I'm basing that on the fact that this year's Black Lives Matters protests, where most people wore masks, haven't been traced to any outbreaks. Large group rides like Critical Mass, or the several recent bike events drawing hundreds of participants in Black communities on Chicago's South and West sides, involve more distancing and less hanging out in the same air space as the BLM rallies and marches.

But I'm going to try to check in with some infectious disease specialists on this subject in the near future to get their expert opinions.

Here's where some of the concern stems from - when you where a mask, you are protecting others. If someone is around you that is not wearing a mask, you are not really that protected. It is ideal to think we are all safe in the open air but many super-spreader events happened in the open air. 

The second reason for this policy is that many pictures from recent rides, during the times of covid, feature many people without masks.

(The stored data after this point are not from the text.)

Section Guarantee.
Variables (R : realType) (S T : choiceType) (pi : S -> T -> bool).
Variables (f : nat -> S) (e : nat -> T).
Hypotheses (f_bij : bijective f) (e_bij : bijective e).
Hypothesis hF : ascending_union_closed (B1down pi).
Variable v : R.
Hypotheses (v_ge0 : 0 <= v) (v_le1 : v <= 1).
Hypothesis row_reply : forall q, distr R T q -> exists s, (v%:E <= row_payoff pi q s)%E.

Lemma finite_reply n (w : nat -> R) : (forall j, 0 <= w j) ->
  exists s, v * \sum_(j < n) w j <= \sum_(j < n) w j * (pi s (e j))%:R.
Proof.
move=> w_ge0; have [einv ee1 ee2] := e_bij; pose W := \sum_(j < n) w j.
have [W0|W_neq0] := eqVneq W 0.
  by exists (f 0%N); rewrite -/W W0 mulr0; apply: sumr_ge0 => j _; rewrite mulr_ge0 ?ler0n.
have W_gt0 : 0 < W by rewrite lt0r W_neq0 sumr_ge0.
pose q t := (if (einv t < n)%N then w (einv t) else 0) / W.
have qe i : q (e i) = (if (i < n)%N then w i else 0) / W by rewrite /q ee1.
have q_ge0 t : 0 <= q t by rewrite /q divr_ge0 ?(ltW W_gt0) //; case: ifP.
have qe0 i : (n <= i)%N -> q (e i) = 0 by move=> ni; rewrite qe ltnNge ni mul0r.
have sum_qe : \sum_(i < n) q (e i) = 1.
  rewrite (eq_bigr (fun j : 'I_n => w j / W)) => [|j _]; last by rewrite qe ltn_ord.
  by rewrite -mulr_suml divff.
have hq : distr R T q.
  split => //; rewrite (esum_enum e_bij) => [|t]; last by rewrite lee_fin.
  rewrite (@nneseries_finite _ (q \o e) n) => [|i|i /qe0 //]; last exact: q_ge0.
  exact: (congr1 EFin sum_qe).
have [s row_s] := row_reply hq; exists s; move: row_s.
rewrite /row_payoff (esum_enum e_bij); last by move=> t; rewrite lee_fin mulr_ge0 ?ler0n.
rewrite (@nneseries_finite _ (fun i => q (e i) * (pi s (e i))%:R) n); first last.
- by move=> i ni; rewrite qe0 ?mul0r.
- by move=> i; rewrite mulr_ge0 ?ler0n.
rewrite (eq_bigr (fun j : 'I_n => w j * (pi s (e j))%:R / W)).
  by rewrite -mulr_suml lee_fin ler_pdivlMr.
by move=> j _; rewrite qe ltn_ord mulrAC.
Qed.
(* Let $C$ be a locally optimal coloring of $E(K_n)$. Then for every color $i$ and every edge $uv$ of color $i$, we have $a_{u,i}+a_{v,i}\le 3$. Consequently every color class of $C$ is a vertex-disjoint union of single edges and paths with two edges.
   Context: A coloring is any map $C:E(K_n)\to\{1,\dots,n-1\}$, not necessarily proper ($n\ge 2$). For a vertex $u$ and color $\mu$, $a_{u,\mu}$ is the number of $\mu$-colored edges incident with $u$, and $\Psi(C)=\sum_{u,\mu}\binom{a_{u,\mu}}{2}$. A coloring $C$ is locally optimal if every coloring $C'$ that differs from $C$ on exactly one edge satisfies $\Psi(C')\ge \Psi(C)$. *)

From mathcomp Require Import all_boot.
Set Implicit Arguments. Unset Strict Implicit. Unset Printing Implicit Defensive.

Definition edge (n : nat) := {e : {set 'I_n} | #|e| == 2}.

(* Colors {1,...,n-1} are represented by 'I_(n.-1) (i.e. {0,...,n-2}). *)
Definition coloring (n : nat) := {ffun edge n -> 'I_(n.-1)}.

Definition adeg n (C : coloring n) (u : 'I_n) (mu : 'I_(n.-1)) : nat :=
  #|[set e : edge n | (u \in val e) && (C e == mu)]|.

Definition Psi n (C : coloring n) : nat :=
  \sum_(u : 'I_n) \sum_(mu : 'I_(n.-1)) 'C(adeg C u mu, 2).

Definition differ_one n (C C' : coloring n) : Prop :=
  #|[set e : edge n | C e != C' e]| = 1.

Definition locally_optimal n (C : coloring n) : Prop :=
  forall C' : coloring n, differ_one C C' -> Psi C <= Psi C'.

Definition color_class n (C : coloring n) (i : 'I_(n.-1)) : {set edge n} :=
  [set e | C e == i].

Definition edge_or_P3 n (B : {set edge n}) : Prop :=
  #|B| = 1 \/
  exists e1 e2 : edge n, [/\ B = [set e1; e2], e1 != e2 &
                           #|val e1 :&: val e2| = 1].

Definition disjoint_union_edges_P3 n (F : {set edge n}) : Prop :=
  exists P : {set {set edge n}},
    [/\ partition P F,
        (forall B, B \in P -> edge_or_P3 B) &
        (forall B1 B2, B1 \in P -> B2 \in P -> B1 != B2 ->
           forall e1 e2, e1 \in B1 -> e2 \in B2 -> [disjoint val e1 & val e2])].

From mathcomp Require Import all_boot.
From mathcomp Require Import zify.
Set Implicit Arguments. Unset Strict Implicit. Unset Printing Implicit Defensive.

(* Recolouring an edge uv of colour i to a colour j != i changes Psi by
   (a_{u,j} + 1) + (a_{v,j} + 1) - a_{u,i} - a_{v,i}, so local optimality gives
   a_{u,i} + a_{v,i} <= a_{u,j} + a_{v,j} + 2.  If a_{u,i} + a_{v,i} >= 4, every
   other colour then contributes at least 2 to deg u + deg v, and summing over
   all n - 1 colours gives deg u + deg v >= 4 + 2(n - 2) > 2(n - 1).
   The resulting bound forbids three edges f, g, h of one colour with f meeting
   g and g meeting h, so sharing a vertex is an equivalence relation on a colour
   class, and its blocks are single edges or paths with two edges. *)

Section Edges.
Variable n : nat.

Lemma card_edge (f : edge n) : #|val f| = 2.
Proof. exact/eqP/(valP f). Qed.

Lemma edge_endpoints (f : edge n) w :
  w \in val f -> exists2 x, x != w & val f = [set w; x].
Proof.
move=> wf.
have : #|val f :\ w| == 1.
  by have := cardsD1 w (val f); rewrite wf card_edge add1n => -[<-].
case/cards1P=> x fDw.
have : x \in val f :\ w by rewrite fDw set11.
rewrite in_setD1 => /andP[xw _].
by exists x; rewrite // -(setD1K wf) fDw.
Qed.

Lemma card_incident_edges w : #|[set f : edge n | w \in val f]| <= n.-1.
Proof.
rewrite -(card_in_imset (f := fun f : edge n => val f :\ w)); last first.
  move=> f g; rewrite !inE => wf wg fg.
  by apply: val_inj; rewrite -(setD1K wf) -(setD1K wg) fg.
have <- : #|[set~ w]| = n.-1 by rewrite cardsC1 card_ord.
apply: leq_trans (leq_imset_card (fun x => [set x]) _).
apply: subset_leq_card; apply/subsetP => A /imsetP[f]; rewrite inE => wf ->.
have [x xw ->] := edge_endpoints wf.
by rewrite setU1K ?inE 1?eq_sym // imset_f // !inE.
Qed.

Definition meets (f g : edge n) := ~~ [disjoint val f & val g].

Lemma meets_refl (f : edge n) : meets f f.
Proof. by rewrite /meets -setI_eq0 setIid -card_gt0 card_edge. Qed.

Lemma meets_sym (f g : edge n) : meets f g = meets g f.
Proof. by rewrite /meets disjoint_sym. Qed.

Lemma meetsP (f g : edge n) :
  reflect (exists2 w, w \in val f & w \in val g) (meets f g).
Proof.
rewrite /meets -setI_eq0; apply: (iffP (set0Pn _)) => [[w]|[w wf wg]].
  by rewrite inE => /andP[]; exists w.
by exists w; rewrite inE wf.
Qed.

Lemma card_meet (f g : edge n) :
  f != g -> meets f g -> #|val f :&: val g| = 1.
Proof.
move=> fg /meetsP[w wf wg]; apply/eqP; rewrite eqn_leq card_gt0 andbC.
apply/andP; split; first by apply/set0Pn; exists w; rewrite inE wf.
rewrite leqNgt; apply: contra fg => fgI.
have eqI (h : edge n) : val f :&: val g \subset val h -> val f :&: val g = val h.
  by move=> sub; apply/eqP; rewrite eqEcard sub card_edge.
by apply/eqP/val_inj; rewrite -(eqI f) ?subsetIl // (eqI g) ?subsetIr.
Qed.

End Edges.

Section ChainFree.
Variables (n : nat) (F : {set edge n}).
Hypothesis chain_free : forall f g h, f \in F -> g \in F -> h \in F ->
  f != g -> g != h -> f != h -> meets f g -> meets g h -> False.

Lemma meets_equivalence : {in F & &, equivalence_rel (@meets n)}.
Proof.
have meets_trans f g h : f \in F -> g \in F -> h \in F ->
    meets f g -> meets g h -> meets f h.
  move=> fF gF hF fg gh.
  have [-> //|nfg] := eqVneq f g; have [<- //|ngh] := eqVneq g h.
  have [-> //|nfh] := eqVneq f h; first exact: meets_refl.
  by case: (chain_free fF gF hF nfg ngh nfh fg gh).
move=> f g h fF gF hF; split; first exact: meets_refl.
move=> fg; apply/idP/idP; last exact: meets_trans fg.
by apply: meets_trans; rewrite // meets_sym.
Qed.

Let P := equivalence_partition (@meets n) F.

Lemma mem_block B f : B \in P -> f \in B -> f \in F.
Proof.
move=> BP fB; have /and3P[/eqP <- _ _] := equivalence_partitionP meets_equivalence.
by apply/bigcupP; exists B.
Qed.

Lemma mem_block_meets B f g : B \in P -> f \in B -> g \in F -> (g \in B) = meets f g.
Proof.
move=> BP fB gF; have /and3P[_ trP _] := equivalence_partitionP meets_equivalence.
by rewrite -(def_pblock trP BP fB) (pblock_equivalence_partition meets_equivalence)
  // (mem_block BP fB).
Qed.

Lemma block_edge_or_P3 B : B \in P -> edge_or_P3 B.
Proof.
rewrite /edge_or_P3 => BP; have /and3P[_ _ nP0] := equivalence_partitionP meets_equivalence.
have /set0Pn[e eB] : B != set0 by apply: contraNneq nP0 => <-.
have eF := mem_block BP eB.
have [/existsP[f /andP[fB fe]]|/existsPn single] := boolP [exists f in B, f != e].
  have fF := mem_block BP fB.
  have ef : meets e f by rewrite -(mem_block_meets BP eB fF).
  have nef : e != f by rewrite eq_sym.
  right; exists e, f; split; rewrite ?card_meet //.
  apply/setP => k; rewrite !inE; apply/idP/idP => [kB|]; last first.
    by case/orP => /eqP kE; subst k.
  have kF := mem_block BP kB.
  apply/contraT; rewrite negb_or => /andP[ke kf].
  have ek : meets e k by rewrite -(mem_block_meets BP eB kF).
  by exfalso; apply: (chain_free fF eF kF fe); rewrite 1?eq_sym // meets_sym.
left; suff -> : B = [set e] by rewrite cards1.
apply/setP => k; rewrite inE; apply/idP/eqP => [kB|-> //].
by apply/eqP; move: (single k); rewrite kB negbK.
Qed.

Lemma blocks_disjoint B1 B2 : B1 \in P -> B2 \in P -> B1 != B2 ->
  forall e1 e2, e1 \in B1 -> e2 \in B2 -> [disjoint val e1 & val e2].
Proof.
move=> B1P B2P B12 e1 e2 e1B1 e2B2; apply: contraR B12 => e12.
have /and3P[_ trP _] := equivalence_partitionP meets_equivalence.
have e2B1 : e2 \in B1 by rewrite (mem_block_meets B1P e1B1 (mem_block B2P e2B2)).
by rewrite -(def_pblock trP B1P e2B1) (def_pblock trP B2P e2B2).
Qed.

Lemma chain_free_disjoint_union : disjoint_union_edges_P3 F.
Proof.
exists P; split; [exact: equivalence_partitionP meets_equivalence|..].
  exact: block_edge_or_P3.
exact: blocks_disjoint.
Qed.

End ChainFree.

Section Degrees.
Variables (n : nat) (C : coloring n).

Lemma adeg_gt0 (f : edge n) w : w \in val f -> 0 < adeg C w (C f).
Proof. by move=> wf; rewrite card_gt0; apply/set0Pn; exists f; rewrite inE wf eqxx. Qed.

Lemma card_le_adeg (S : {set edge n}) w i :
  (forall f, f \in S -> (w \in val f) && (C f == i)) -> #|S| <= adeg C w i.
Proof. by move=> HS; apply/subset_leq_card/subsetP => f /HS; rewrite inE. Qed.

Lemma adeg_ge2 (f g : edge n) w i : f != g -> w \in val f -> w \in val g ->
  C f = i -> C g = i -> 1 < adeg C w i.
Proof.
move=> fg wf wg Cf Cg; have := card_le_adeg (S := [set f; g]) (w := w) (i := i).
rewrite cards2 fg; apply=> k; rewrite !inE => /orP[] /eqP kE; subst k.
  by rewrite wf Cf eqxx.
by rewrite wg Cg eqxx.
Qed.

Lemma adeg_ge3 (f g h : edge n) w i : f != g -> g != h -> f != h ->
  w \in val f -> w \in val g -> w \in val h ->
  C f = i -> C g = i -> C h = i -> 2 < adeg C w i.
Proof.
move=> fg gh fh wf wg wh Cf Cg Ch.
have := card_le_adeg (S := f |: [set g; h]) (w := w) (i := i).
rewrite cardsU1 cards2 !inE negb_or fg fh gh; apply=> k.
rewrite !inE => /or3P[] /eqP kE; subst k.
- by rewrite wf Cf eqxx.
- by rewrite wg Cg eqxx.
by rewrite wh Ch eqxx.
Qed.

Lemma sum_adeg w : \sum_(mu : 'I_(n.-1)) adeg C w mu = #|[set f : edge n | w \in val f]|.
Proof.
rewrite -sum1_card (partition_big C predT) //=; apply: eq_bigr => mu _.
by rewrite /adeg -sum1_card; apply: eq_bigl => f; rewrite !inE.
Qed.

Lemma sum_adeg_le w : \sum_(mu : 'I_(n.-1)) adeg C w mu <= n.-1.
Proof. by rewrite sum_adeg card_incident_edges. Qed.

End Degrees.

Section Recolor.
Variables (n : nat) (C : coloring n) (e : edge n) (i j : 'I_(n.-1)).
Hypotheses (Ce : C e = i) (ji : j != i).

Definition recolor : coloring n := [ffun f => if f == e then j else C f].

Definition Psi_at (D : coloring n) w := \sum_(mu : 'I_(n.-1)) 'C(adeg D w mu, 2).

Lemma recolor_differ_one : differ_one C recolor.
Proof.
rewrite /differ_one (_ : [set f | C f != recolor f] = [set e]) ?cards1 //.
apply/setP => f; rewrite !inE ffunE; have [->|_] := eqVneq f e; last by rewrite eqxx.
by rewrite Ce eq_sym ji.
Qed.

Lemma adeg_recolor_out w mu : w \notin val e -> adeg recolor w mu = adeg C w mu.
Proof.
move=> we; apply: eq_card => f; rewrite !inE ffunE.
by have [->|] := eqVneq f e; rewrite ?(negbTE we).
Qed.

Lemma adeg_recolor_old w : w \in val e -> (adeg recolor w i).+1 = adeg C w i.
Proof.
move=> we; rewrite /adeg [in RHS](cardsD1 e) !inE we Ce eqxx add1n; congr _.+1.
apply: eq_card => f; rewrite !inE ffunE.
by have [->|] := eqVneq f e; rewrite ?(negbTE ji) ?andbF.
Qed.

Lemma adeg_recolor_new w : w \in val e -> adeg recolor w j = (adeg C w j).+1.
Proof.
move=> we; transitivity #|e |: [set f : edge n | (w \in val f) && (C f == j)]|.
  by apply: eq_card => f; rewrite !inE ffunE; have [->|] := eqVneq f e; rewrite ?we ?eqxx.
by rewrite cardsU1 inE Ce eq_sym (negbTE ji) andbF.
Qed.

Lemma adeg_recolor_other w mu : mu != i -> mu != j -> adeg recolor w mu = adeg C w mu.
Proof.
move=> mi mj; apply: eq_card => f; rewrite !inE ffunE.
have [fe|//] := eqVneq f e; subst f; rewrite Ce.
by rewrite [j == _]eq_sym [i == _]eq_sym (negbTE mi) (negbTE mj) !andbF.
Qed.

Lemma Psi_at_recolor w : w \in val e ->
  Psi_at recolor w + adeg C w i = Psi_at C w + (adeg C w j).+1.
Proof.
move=> we; rewrite /Psi_at (bigD1 i) // [in RHS](bigD1 i) //=.
rewrite (bigD1 j) ?ji // [in RHS](bigD1 j) ?ji //=.
rewrite (eq_bigr (fun mu => 'C(adeg C w mu, 2))) => [|mu /andP[mi mj]]; last first.
  by rewrite adeg_recolor_other.
rewrite -(adeg_recolor_old we) adeg_recolor_new // !binS !bin1; lia.
Qed.

Lemma Psi_recolor u v : val e = [set u; v] -> u != v ->
  Psi recolor + (adeg C u i + adeg C v i) =
  Psi C + ((adeg C u j).+1 + (adeg C v j).+1).
Proof.
move=> he uv.
have sum_e (a : 'I_n -> nat) :
    \sum_(w < n) (if w \in val e then a w else 0) = a u + a v.
  by rewrite -big_mkcond he big_setU1 ?inE //= big_set1.
rewrite -(sum_e (fun w => adeg C w i)) -(sum_e (fun w => (adeg C w j).+1)).
rewrite /Psi -!big_split; apply: eq_bigr => w _ /=.
case: ifP => [/Psi_at_recolor|/negbT we]; rewrite ?addn0 //.
by apply: eq_bigr => mu _; rewrite adeg_recolor_out.
Qed.

End Recolor.

Definition endpoint_adeg_le3 n (C : coloring n) : Prop :=
  forall (i : 'I_(n.-1)) (u v : 'I_n) (e : edge n),
    val e = [set u; v] -> u != v -> C e = i -> adeg C u i + adeg C v i <= 3.

Lemma locally_optimal_adeg_le3 n (C : coloring n) :
  locally_optimal C -> endpoint_adeg_le3 C.
Proof.
move=> LO i u v e he uv Ce; rewrite leqNgt; apply/negP => big_i.
have other_ge2 j : j != i -> 2 <= adeg C u j + adeg C v j.
  move=> ji; have := LO _ (recolor_differ_one Ce ji).
  have := Psi_recolor Ce ji he uv; lia.
have n_gt1 : 0 < n.-1 by apply: leq_ltn_trans (ltn_ord i).
have : adeg C u i + adeg C v i + (n.-1).-1 * 2 <=
       \sum_mu (adeg C u mu + adeg C v mu).
  rewrite (bigD1 i) //= leq_add2l.
  apply: (@leq_trans (\sum_(mu < n.-1 | mu != i) 2)); last exact: leq_sum other_ge2.
  by rewrite sum_nat_const cardC1 card_ord.
rewrite big_split /=; have := sum_adeg_le C u; have := sum_adeg_le C v.
by move: (\sum_mu adeg C u mu) (\sum_mu adeg C v mu) => a b; lia.
Qed.

Lemma adeg_le3_chain_free n (C : coloring n) (i : 'I_(n.-1)) :
  endpoint_adeg_le3 C ->
  forall f g h, f \in color_class C i -> g \in color_class C i ->
    h \in color_class C i -> f != g -> g != h -> f != h ->
    meets f g -> meets g h -> False.
Proof.
move=> le3 f g h; rewrite !inE => /eqP Cf /eqP Cg /eqP Ch fg gh fh.
move=> /meetsP[w wf wg] /meetsP[x xg xh].
have [y yw gwy] := edge_endpoints wg.
have wy : w != y by rewrite eq_sym.
have := le3 _ _ _ _ gwy wy Cg.
move: xg; rewrite gwy !inE => /orP[] /eqP xE; subst x.
  have := adeg_ge3 fg gh fh wf wg xh Cf Cg Ch.
  have := adeg_gt0 C (f := g) (w := y); rewrite gwy !inE eqxx orbT Cg; lia.
have := adeg_ge2 fg wf wg Cf Cg.
have := adeg_ge2 gh _ xh Cg Ch; rewrite gwy !inE eqxx orbT => /(_ isT); lia.
Qed.

Theorem lemma1 (n : nat) (hn : 2 <= n) (C : coloring n) :
  locally_optimal C ->
  (forall (i : 'I_(n.-1)) (u v : 'I_n) (e : edge n),
      val e = [set u; v] -> u != v -> C e = i ->
      adeg C u i + adeg C v i <= 3) /\
  (forall i : 'I_(n.-1), disjoint_union_edges_P3 (color_class C i)).
Proof.
move=> LO; have le3 := locally_optimal_adeg_le3 LO; split => // i.
exact/chain_free_disjoint_union/adeg_le3_chain_free.
Qed.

See point #1 - if you wear a mask, you are protecting others. If you are around people without masks, you are not as protected as you hope to be. 

If those people are not wearing a mask and are talking, breathing with their mouths open, etc. you are at higher risk. When you have larger crowds, social distancing is also a concern. 

And the quarantine fatigue people are experiencing has recently become an issue - people who've been following the rules are starting to give up. Some of it is thinking they are safe because they haven't gotten sick, some of it is that they are tired of wearing masks and social distancing. 

And before Critical Mass sets off, yes, people are congregating in close proximity and without masks as has been documented by the photos taken of the events. Given the life-threatening nature of Covid, I don't feel comfortable recommending rides that aren't taking the necessary precautions. Also, is it worth it doing a Critical Mass? Is it worth the risk?

Maintain a minimum of six feet of distance when riding around others.

Do not go for group rides with people who live outside of your household. Only ride with people you are already staying at home with and, when passing someone else on the road or trail, leave as much space as you can to ensure you are adhering to social distancing best practices. 

Bicycling Magazine:

Is it safe to ride outside?
Yes, and riding alone is still the best way to reduce your risk and keep others safe. When people congregate together and someone sneezes or coughs, droplets get onto objects that people touch, and then people touch their face, Nieman explains. The best plan for riding right now is to go out, ride solo or with a small group of trusted people, enjoy the outdoors in open areas, and try timing your rides for when you know your route will be less crowded.